Recorded information:
^^^^^^^^^^^^^^^^

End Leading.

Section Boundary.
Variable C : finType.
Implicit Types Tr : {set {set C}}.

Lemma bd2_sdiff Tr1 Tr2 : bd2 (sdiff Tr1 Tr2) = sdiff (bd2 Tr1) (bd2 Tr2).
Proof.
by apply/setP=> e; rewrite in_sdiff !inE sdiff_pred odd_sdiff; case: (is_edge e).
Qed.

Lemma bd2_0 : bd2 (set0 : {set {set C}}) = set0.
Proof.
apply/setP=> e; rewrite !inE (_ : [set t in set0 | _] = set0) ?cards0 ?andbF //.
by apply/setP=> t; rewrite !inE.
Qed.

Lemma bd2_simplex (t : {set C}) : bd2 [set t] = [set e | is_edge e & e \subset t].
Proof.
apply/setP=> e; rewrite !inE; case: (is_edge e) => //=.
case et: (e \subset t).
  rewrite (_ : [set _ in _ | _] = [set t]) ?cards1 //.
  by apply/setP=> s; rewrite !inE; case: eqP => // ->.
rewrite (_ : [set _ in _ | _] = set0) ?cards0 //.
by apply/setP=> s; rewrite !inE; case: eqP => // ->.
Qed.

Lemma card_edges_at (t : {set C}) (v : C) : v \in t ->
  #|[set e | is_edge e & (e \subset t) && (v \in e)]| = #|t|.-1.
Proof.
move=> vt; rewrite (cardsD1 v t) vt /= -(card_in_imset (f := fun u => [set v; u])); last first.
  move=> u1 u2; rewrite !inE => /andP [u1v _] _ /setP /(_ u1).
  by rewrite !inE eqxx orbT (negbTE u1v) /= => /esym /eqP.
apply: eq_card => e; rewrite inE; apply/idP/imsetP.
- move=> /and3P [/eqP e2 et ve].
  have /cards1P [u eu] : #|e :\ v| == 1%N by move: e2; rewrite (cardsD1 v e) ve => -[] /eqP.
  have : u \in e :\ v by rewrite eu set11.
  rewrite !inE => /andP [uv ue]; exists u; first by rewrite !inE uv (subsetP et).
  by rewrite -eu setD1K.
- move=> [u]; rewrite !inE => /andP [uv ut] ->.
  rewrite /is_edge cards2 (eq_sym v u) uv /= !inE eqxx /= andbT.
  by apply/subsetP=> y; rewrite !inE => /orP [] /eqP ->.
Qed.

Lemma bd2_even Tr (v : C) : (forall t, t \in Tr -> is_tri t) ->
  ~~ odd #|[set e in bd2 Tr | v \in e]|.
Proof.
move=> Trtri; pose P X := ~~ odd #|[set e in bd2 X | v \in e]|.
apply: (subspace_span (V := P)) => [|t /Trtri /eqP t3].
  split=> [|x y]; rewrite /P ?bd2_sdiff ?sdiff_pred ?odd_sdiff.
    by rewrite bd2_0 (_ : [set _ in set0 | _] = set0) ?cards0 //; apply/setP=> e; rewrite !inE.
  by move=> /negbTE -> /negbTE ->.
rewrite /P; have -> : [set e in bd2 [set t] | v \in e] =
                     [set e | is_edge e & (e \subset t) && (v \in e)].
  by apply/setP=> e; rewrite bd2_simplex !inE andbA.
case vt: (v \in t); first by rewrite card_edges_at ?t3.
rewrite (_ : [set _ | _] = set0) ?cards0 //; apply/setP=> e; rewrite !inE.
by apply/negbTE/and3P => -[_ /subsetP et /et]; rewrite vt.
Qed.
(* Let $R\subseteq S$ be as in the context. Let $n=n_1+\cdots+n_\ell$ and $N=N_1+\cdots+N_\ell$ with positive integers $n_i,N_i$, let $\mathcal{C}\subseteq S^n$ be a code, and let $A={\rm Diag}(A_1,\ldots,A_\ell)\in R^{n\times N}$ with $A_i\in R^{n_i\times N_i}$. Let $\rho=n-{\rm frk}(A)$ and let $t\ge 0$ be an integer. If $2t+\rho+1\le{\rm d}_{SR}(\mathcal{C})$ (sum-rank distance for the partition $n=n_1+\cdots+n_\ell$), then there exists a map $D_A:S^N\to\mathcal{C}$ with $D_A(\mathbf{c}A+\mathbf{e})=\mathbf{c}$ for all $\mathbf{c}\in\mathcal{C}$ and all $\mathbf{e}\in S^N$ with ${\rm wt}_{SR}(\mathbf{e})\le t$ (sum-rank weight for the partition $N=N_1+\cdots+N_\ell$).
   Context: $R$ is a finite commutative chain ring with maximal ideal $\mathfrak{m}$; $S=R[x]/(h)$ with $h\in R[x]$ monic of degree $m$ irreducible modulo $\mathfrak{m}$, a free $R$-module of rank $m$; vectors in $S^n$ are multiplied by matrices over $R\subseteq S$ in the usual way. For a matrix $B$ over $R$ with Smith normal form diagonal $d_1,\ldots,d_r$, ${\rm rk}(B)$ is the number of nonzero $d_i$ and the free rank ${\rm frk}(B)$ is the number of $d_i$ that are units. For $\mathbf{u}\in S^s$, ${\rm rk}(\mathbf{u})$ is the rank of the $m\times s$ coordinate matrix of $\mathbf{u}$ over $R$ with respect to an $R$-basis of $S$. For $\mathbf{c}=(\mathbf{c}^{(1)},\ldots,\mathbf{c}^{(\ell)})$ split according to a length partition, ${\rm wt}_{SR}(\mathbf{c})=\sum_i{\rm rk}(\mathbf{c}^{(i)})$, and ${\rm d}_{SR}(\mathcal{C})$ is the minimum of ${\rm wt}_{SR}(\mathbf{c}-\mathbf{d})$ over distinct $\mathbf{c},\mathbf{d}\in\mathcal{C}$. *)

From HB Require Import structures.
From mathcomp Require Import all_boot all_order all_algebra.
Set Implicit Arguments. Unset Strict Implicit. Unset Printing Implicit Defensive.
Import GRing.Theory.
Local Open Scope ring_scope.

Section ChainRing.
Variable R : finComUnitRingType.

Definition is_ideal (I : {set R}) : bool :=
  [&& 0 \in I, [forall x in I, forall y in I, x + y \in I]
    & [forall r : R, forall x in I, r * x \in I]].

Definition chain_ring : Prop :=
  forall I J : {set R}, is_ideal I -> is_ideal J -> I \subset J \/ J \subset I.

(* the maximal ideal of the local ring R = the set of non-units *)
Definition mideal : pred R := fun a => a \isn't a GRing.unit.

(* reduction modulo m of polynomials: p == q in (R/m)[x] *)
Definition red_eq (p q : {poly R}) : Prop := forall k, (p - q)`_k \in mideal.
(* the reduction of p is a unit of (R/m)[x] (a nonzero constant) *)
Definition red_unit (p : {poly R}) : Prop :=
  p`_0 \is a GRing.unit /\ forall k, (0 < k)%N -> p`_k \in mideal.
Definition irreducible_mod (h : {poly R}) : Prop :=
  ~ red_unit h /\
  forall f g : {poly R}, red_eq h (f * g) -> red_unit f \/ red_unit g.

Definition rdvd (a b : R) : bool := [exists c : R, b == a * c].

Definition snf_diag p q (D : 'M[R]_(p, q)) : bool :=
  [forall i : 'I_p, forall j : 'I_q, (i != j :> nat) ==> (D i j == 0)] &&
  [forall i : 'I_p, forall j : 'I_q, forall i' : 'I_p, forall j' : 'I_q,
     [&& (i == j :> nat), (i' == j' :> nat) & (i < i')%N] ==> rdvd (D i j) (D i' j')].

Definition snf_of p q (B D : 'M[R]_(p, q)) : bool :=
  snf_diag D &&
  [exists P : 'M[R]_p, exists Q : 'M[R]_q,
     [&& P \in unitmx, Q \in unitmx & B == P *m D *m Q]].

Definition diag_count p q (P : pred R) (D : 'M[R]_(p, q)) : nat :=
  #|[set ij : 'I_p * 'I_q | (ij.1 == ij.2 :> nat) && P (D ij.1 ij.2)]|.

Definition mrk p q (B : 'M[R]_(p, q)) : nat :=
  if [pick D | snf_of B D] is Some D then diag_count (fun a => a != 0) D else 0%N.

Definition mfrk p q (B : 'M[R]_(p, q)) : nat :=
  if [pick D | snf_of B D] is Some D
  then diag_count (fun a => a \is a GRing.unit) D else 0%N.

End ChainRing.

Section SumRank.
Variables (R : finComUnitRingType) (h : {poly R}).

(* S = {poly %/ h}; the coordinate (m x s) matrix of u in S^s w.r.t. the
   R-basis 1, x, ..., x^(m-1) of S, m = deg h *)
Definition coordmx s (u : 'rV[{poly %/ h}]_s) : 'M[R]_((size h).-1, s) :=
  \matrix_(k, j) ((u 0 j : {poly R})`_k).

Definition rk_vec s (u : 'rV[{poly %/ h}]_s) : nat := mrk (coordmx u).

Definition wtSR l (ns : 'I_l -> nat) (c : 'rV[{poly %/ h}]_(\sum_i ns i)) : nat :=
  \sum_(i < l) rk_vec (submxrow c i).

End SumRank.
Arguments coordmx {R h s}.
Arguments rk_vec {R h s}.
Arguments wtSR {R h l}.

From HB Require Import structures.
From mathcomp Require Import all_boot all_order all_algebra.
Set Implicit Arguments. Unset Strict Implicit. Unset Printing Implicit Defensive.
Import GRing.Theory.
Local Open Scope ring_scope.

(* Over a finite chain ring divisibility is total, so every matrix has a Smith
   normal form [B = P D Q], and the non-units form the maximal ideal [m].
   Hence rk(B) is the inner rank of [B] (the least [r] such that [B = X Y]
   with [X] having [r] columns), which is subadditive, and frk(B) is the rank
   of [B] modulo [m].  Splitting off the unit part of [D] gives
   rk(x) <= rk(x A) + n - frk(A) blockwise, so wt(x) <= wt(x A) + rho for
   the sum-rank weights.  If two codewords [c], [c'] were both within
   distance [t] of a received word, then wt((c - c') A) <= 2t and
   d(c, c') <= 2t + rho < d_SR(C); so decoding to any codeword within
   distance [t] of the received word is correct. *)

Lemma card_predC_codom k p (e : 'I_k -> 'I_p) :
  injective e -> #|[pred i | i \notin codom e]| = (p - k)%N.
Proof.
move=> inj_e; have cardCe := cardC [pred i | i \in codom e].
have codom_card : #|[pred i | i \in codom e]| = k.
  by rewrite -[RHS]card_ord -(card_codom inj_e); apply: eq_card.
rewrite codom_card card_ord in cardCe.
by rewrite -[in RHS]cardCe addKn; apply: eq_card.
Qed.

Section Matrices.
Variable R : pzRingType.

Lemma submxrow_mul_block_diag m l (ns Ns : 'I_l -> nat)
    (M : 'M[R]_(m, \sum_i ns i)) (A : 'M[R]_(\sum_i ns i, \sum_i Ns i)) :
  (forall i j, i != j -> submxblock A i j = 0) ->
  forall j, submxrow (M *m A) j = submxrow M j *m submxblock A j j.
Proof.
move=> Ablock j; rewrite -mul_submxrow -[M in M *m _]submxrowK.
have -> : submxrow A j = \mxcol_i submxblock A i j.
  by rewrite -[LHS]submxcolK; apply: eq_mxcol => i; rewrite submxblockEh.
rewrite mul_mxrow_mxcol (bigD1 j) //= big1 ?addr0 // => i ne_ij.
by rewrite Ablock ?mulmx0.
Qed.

^^^^^^^^^^^^^^^^

Problem details: Write down, word for word, the lines above from the one containing "injective e ->" through the one containing "by rewrite Ablock ?mulmx0.", both ends included.

Written response:
  injective e -> #|[pred i | i \notin codom e]| = (p - k)%N.
Proof.
move=> inj_e; have cardCe := cardC [pred i | i \in codom e].
have codom_card : #|[pred i | i \in codom e]| = k.
  by rewrite -[RHS]card_ord -(card_codom inj_e); apply: eq_card.
rewrite codom_card card_ord in cardCe.
by rewrite -[in RHS]cardCe addKn; apply: eq_card.
Qed.

Section Matrices.
Variable R : pzRingType.

Lemma submxrow_mul_block_diag m l (ns Ns : 'I_l -> nat)
    (M : 'M[R]_(m, \sum_i ns i)) (A : 'M[R]_(\sum_i ns i, \sum_i Ns i)) :
  (forall i j, i != j -> submxblock A i j = 0) ->
  forall j, submxrow (M *m A) j = submxrow M j *m submxblock A j j.
Proof.
move=> Ablock j; rewrite -mul_submxrow -[M in M *m _]submxrowK.
have -> : submxrow A j = \mxcol_i submxblock A i j.
  by rewrite -[LHS]submxcolK; apply: eq_mxcol => i; rewrite submxblockEh.
rewrite mul_mxrow_mxcol (bigD1 j) //= big1 ?addr0 // => i ne_ij.
by rewrite Ablock ?mulmx0.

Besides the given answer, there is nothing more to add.